The principal model of IPF involves treatment of mice with bleomycin, leading to lung injury and fibrosis. Unlike human IPF, bleomycin-induced lung fibrosis is reversible. To replace this model, researchers in Southampton have developed a 3D human fibroblastic focus model which retains key phenotypic disease features. However, it has not been transcriptionally characterised and only the effect of TGFB has been studied. In my PhD, I identified hypoxia-inducible factor (HIF) and other pathways as drivers of fibrosis and I identified multiple cell types including epithelial cells within fibroblastic foci, suggesting that the current fibroblast model is too simplistic.
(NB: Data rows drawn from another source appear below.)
Lemma sum_card_changes : \sum_(c : 'I_n) #|changes c| <= 2 * t * n.
Proof.
pose U x := covering x :|: covering x.-1.
pose flip x (z : 'I_n) := (z \in covering x) != (z \in covering x.-1).
apply: leq_trans (_ : \sum_(c : 'I_n) \sum_(x : 'I_n) \sum_(z : 'I_n)
   (flip x z && (c \in U x) && (z \in first_elems (U x) c t)) <= _).
  apply: leq_sum => c _; rewrite card_set_sumb; apply: leq_sum => x _.
  rewrite inE; case: and3P => // -[pcx xq changed].
  have [z zF zflip] := window_change_witness changed.
  have cx : c \in covering x by rewrite inE; lia.
  by rewrite (bigD1 z) //= /flip zflip cx zF.
rewrite exchange_big /=.
apply: leq_trans (_ : \sum_(x : 'I_n) \sum_(z : 'I_n) flip x z * t <= _).
  apply: leq_sum => x _; rewrite exchange_big /=; apply: leq_sum => z _.
  case: (flip x z); last by rewrite big1.
  rewrite mul1n -card_set_sumb; apply: leq_trans (card_first_elems_owners (U x) z t).
  by apply: subset_leq_card; apply/subsetP => c; rewrite !inE.
rewrite exchange_big /=.
apply: leq_trans (_ : \sum_(z : 'I_n) 2 * t <= _).
  by apply: leq_sum => z _; rewrite -big_distrl /= leq_mul2r sum_covering_flips orbT.
by rewrite sum_nat_const card_ord mulnC.
Qed.

Hypothesis t_gt0 : 0 < t.
Hypothesis no_biclique : ~ exists S T : {set 'I_n},
  [/\ #|S| = t, #|T| = t & {in S & T, forall x y, mutual_in x y}].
This project will develop the 3D fibroblastic focus model, adding hypoxia analogues and a cocktail of profibrotic cytokines. I will analyse each model using RNAseq and Nanostring methods and compare to existing RNAseq data from fibroblastic foci isolated by laser capture microdissection. I will incorporate other cell types to reflect the multicellular nature of fibroblastic foci. This model will be analysed using RNAseq and integrative multimodal characterisation in collaboration with the Medicines Discovery Catapult.

This project will provide a well-characterised 3D cell culture model that resembles IPF tissue environment and can be used to test new therapeutics to replace existing mouse models of disease.